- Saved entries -
▬▬▬▬▬▬
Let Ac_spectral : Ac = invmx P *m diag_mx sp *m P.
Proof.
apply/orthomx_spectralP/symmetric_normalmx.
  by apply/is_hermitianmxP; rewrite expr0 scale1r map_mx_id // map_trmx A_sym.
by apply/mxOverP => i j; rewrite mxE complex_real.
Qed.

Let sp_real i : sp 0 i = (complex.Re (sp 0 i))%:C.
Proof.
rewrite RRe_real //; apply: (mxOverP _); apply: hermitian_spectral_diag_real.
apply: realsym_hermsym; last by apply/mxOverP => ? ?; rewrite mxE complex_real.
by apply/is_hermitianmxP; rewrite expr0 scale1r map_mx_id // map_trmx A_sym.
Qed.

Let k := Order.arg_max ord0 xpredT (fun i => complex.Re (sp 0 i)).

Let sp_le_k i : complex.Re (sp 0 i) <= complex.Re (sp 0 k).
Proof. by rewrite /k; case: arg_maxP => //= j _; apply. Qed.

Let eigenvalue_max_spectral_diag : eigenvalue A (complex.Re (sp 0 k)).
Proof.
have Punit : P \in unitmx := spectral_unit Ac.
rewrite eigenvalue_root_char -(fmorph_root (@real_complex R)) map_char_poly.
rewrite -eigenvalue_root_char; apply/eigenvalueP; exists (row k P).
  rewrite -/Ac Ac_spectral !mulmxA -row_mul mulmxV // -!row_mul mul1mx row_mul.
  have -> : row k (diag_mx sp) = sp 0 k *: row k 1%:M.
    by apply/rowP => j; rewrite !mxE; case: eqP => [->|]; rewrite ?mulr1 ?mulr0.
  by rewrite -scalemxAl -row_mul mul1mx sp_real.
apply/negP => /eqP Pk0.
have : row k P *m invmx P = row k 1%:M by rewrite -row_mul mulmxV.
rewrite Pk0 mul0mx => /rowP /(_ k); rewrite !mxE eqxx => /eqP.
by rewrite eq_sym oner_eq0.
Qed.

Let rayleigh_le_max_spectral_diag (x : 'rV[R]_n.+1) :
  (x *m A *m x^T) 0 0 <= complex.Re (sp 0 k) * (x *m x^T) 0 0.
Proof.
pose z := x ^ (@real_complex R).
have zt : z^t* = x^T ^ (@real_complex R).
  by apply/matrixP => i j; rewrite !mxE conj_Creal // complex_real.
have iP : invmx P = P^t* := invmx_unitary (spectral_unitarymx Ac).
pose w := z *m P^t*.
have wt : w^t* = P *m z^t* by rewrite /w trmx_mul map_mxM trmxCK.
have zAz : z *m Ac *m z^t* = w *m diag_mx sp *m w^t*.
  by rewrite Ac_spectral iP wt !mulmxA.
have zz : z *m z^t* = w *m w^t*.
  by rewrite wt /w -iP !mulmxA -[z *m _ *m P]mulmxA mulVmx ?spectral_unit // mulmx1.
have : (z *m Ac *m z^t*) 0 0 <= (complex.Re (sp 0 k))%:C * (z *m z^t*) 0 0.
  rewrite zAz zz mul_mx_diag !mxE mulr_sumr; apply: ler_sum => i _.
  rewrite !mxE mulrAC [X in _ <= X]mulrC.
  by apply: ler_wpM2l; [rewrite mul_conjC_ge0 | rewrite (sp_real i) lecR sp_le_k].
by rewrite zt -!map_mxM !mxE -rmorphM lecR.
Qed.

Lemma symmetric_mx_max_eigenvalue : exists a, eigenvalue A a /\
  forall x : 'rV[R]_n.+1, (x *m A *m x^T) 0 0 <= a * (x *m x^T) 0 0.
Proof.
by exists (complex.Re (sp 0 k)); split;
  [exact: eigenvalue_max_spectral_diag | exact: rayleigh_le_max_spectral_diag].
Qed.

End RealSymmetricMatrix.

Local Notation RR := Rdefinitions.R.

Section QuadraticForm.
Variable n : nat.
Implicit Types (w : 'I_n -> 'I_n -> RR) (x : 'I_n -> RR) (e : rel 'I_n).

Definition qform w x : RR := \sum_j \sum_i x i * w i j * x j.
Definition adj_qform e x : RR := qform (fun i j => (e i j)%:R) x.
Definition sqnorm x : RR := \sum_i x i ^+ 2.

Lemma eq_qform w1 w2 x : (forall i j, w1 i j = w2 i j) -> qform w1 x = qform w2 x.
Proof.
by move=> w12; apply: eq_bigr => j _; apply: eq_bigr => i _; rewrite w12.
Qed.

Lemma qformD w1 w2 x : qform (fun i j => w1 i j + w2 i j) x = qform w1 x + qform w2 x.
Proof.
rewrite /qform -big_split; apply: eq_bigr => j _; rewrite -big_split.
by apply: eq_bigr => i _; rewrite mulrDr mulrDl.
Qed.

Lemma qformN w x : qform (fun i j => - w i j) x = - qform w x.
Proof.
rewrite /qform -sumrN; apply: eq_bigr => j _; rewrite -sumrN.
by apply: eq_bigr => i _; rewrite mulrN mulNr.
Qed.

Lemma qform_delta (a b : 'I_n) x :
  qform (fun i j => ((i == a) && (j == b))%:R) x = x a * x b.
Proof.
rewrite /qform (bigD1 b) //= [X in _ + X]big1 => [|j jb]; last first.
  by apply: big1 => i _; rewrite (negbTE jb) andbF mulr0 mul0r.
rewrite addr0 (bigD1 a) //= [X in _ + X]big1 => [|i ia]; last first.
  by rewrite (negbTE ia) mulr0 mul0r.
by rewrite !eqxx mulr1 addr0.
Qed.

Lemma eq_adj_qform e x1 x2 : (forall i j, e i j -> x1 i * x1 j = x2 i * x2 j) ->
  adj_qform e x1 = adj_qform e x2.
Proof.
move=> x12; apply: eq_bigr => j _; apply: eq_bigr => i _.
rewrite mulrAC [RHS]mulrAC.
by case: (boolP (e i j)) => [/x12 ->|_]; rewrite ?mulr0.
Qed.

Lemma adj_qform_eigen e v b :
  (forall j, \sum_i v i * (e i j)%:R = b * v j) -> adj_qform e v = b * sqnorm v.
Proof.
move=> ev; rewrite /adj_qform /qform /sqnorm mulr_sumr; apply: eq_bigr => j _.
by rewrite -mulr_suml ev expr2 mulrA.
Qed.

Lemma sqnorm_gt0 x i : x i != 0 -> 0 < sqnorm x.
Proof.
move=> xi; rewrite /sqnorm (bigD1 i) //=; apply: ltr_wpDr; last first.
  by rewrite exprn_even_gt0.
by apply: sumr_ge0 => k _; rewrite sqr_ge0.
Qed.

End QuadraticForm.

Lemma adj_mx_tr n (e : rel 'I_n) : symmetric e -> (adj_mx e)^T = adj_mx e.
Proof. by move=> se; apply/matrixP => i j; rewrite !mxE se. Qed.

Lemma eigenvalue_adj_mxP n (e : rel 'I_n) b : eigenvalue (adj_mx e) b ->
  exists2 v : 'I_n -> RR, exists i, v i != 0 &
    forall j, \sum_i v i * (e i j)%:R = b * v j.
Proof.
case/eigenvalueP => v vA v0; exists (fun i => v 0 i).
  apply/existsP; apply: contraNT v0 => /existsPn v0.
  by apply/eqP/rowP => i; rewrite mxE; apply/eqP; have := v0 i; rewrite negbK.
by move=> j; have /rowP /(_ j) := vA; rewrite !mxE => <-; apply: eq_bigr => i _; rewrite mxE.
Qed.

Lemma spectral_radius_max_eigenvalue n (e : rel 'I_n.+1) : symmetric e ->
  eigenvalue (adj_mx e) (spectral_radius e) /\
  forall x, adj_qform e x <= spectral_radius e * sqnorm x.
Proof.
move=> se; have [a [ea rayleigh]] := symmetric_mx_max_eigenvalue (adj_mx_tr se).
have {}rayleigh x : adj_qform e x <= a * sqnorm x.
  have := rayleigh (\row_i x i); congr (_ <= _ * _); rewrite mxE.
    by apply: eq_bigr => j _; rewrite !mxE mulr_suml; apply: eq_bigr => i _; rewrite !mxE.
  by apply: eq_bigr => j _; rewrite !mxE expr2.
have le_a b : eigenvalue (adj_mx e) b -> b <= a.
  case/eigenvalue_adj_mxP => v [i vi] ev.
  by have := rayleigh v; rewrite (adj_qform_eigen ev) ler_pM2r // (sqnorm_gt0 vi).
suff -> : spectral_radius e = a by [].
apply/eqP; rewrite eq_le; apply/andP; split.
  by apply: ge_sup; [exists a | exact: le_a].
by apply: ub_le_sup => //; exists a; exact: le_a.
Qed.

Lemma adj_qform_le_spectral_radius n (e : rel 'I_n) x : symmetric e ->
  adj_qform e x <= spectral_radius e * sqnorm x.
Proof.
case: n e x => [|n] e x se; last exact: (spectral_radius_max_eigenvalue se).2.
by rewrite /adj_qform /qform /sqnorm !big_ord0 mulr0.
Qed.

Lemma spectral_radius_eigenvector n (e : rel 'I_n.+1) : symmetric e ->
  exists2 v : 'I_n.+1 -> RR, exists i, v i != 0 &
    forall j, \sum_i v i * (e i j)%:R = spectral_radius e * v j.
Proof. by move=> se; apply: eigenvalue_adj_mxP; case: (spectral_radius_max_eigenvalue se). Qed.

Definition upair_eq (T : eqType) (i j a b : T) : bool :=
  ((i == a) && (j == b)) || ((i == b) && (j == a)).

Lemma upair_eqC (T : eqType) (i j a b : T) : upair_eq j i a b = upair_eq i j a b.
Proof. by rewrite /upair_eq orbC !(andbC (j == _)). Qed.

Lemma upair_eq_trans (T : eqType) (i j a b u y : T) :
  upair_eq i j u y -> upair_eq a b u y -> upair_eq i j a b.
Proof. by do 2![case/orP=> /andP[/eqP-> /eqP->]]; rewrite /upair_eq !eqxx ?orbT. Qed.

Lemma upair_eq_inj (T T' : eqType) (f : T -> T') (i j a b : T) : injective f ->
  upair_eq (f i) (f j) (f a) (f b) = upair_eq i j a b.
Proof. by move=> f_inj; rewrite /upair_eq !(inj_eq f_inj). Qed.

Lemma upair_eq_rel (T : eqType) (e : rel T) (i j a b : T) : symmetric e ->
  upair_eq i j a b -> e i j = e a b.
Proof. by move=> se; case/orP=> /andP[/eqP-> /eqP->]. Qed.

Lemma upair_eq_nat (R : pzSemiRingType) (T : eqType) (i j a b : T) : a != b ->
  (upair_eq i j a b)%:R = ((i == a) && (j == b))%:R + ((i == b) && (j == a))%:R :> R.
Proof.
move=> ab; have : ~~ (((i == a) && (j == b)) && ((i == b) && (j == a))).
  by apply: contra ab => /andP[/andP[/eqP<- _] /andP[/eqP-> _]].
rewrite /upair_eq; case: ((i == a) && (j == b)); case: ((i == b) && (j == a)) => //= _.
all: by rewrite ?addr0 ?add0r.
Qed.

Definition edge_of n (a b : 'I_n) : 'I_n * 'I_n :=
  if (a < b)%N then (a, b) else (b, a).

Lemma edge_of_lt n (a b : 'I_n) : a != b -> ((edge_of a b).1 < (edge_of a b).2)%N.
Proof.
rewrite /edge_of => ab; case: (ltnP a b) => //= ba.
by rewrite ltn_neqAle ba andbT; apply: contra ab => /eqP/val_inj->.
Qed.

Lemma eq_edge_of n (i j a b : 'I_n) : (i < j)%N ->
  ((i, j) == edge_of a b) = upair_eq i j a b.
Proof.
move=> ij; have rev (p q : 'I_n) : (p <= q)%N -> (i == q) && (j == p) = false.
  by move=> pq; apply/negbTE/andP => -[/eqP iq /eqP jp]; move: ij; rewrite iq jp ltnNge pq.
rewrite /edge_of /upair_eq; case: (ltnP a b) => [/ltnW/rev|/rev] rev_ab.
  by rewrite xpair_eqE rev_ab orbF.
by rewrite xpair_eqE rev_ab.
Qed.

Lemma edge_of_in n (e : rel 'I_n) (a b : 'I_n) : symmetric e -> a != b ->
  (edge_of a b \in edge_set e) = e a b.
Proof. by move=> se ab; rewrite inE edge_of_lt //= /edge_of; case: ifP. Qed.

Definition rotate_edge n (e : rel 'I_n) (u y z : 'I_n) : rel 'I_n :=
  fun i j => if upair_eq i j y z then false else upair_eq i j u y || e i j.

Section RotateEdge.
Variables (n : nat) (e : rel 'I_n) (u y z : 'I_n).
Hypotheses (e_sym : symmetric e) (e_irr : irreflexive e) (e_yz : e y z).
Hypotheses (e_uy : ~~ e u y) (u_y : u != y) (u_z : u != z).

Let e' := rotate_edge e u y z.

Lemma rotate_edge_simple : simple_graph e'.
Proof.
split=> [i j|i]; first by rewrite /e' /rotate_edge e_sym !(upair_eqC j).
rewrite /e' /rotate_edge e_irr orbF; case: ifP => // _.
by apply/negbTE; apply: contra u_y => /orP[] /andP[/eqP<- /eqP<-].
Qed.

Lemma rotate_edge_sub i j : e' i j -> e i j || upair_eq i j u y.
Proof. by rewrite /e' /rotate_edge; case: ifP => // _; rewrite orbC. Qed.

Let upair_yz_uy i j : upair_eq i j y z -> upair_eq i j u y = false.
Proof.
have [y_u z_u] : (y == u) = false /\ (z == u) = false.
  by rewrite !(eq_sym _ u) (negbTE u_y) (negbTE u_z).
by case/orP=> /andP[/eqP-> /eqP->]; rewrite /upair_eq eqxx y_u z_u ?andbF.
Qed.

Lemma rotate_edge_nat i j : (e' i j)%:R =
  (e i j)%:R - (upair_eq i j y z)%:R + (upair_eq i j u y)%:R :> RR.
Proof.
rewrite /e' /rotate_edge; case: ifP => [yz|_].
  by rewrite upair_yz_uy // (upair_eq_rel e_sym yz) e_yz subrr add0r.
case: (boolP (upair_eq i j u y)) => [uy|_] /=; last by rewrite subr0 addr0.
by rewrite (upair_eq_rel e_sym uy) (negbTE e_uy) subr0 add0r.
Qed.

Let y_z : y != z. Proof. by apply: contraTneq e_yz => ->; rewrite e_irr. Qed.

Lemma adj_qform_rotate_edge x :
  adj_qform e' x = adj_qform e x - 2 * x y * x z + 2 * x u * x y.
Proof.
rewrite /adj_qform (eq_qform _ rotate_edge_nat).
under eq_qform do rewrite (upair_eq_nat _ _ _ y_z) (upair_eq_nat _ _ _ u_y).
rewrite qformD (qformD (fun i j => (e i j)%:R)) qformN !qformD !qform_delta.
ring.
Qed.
▬▬▬▬▬▬
Single out each line of the records above with the string "Section" in it, and copy it.

Section QuadraticForm.
Section RotateEdge.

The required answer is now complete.